▶ REQUIRED WORK: Reproduce exactly, and nothing but, the lines between the one with "fun z => h (g z). *)" and the end of the entries, both ends included.

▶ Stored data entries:
□ □ □ □

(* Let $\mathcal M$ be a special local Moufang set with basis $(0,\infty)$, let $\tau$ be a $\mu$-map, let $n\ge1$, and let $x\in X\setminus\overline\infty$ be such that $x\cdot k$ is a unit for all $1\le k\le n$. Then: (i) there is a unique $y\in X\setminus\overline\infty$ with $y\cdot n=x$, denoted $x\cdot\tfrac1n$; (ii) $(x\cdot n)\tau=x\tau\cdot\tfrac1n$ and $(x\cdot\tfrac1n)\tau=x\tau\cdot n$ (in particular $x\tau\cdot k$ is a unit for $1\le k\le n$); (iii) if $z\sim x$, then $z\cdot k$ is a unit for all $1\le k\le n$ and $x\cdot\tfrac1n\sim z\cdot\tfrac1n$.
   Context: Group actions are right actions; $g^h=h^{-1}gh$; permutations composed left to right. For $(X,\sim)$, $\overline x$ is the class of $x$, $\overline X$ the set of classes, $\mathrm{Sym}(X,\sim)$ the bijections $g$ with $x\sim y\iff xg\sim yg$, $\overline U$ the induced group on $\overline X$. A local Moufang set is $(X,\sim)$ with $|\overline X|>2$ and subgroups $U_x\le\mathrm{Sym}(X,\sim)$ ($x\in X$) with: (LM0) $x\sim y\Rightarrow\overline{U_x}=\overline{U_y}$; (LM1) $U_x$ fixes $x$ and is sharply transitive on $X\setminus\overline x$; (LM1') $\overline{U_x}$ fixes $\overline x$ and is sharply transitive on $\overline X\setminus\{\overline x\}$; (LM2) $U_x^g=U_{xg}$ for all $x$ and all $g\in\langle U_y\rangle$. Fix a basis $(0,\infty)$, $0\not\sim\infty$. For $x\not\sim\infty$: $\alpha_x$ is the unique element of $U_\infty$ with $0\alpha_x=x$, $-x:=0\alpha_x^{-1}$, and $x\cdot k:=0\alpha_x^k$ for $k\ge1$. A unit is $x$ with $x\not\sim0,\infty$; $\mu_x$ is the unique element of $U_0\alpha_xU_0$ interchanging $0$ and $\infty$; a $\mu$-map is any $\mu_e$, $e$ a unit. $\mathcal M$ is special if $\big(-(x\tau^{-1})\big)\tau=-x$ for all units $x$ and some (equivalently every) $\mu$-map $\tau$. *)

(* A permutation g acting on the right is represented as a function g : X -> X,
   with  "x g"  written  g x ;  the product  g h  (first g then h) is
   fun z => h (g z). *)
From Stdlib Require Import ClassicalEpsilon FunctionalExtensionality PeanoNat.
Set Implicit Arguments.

□ □ □ □

▶ SOLUTION TO THE PROBLEM:
   fun z => h (g z). *)
From Stdlib Require Import ClassicalEpsilon FunctionalExtensionality PeanoNat.
Set Implicit Arguments.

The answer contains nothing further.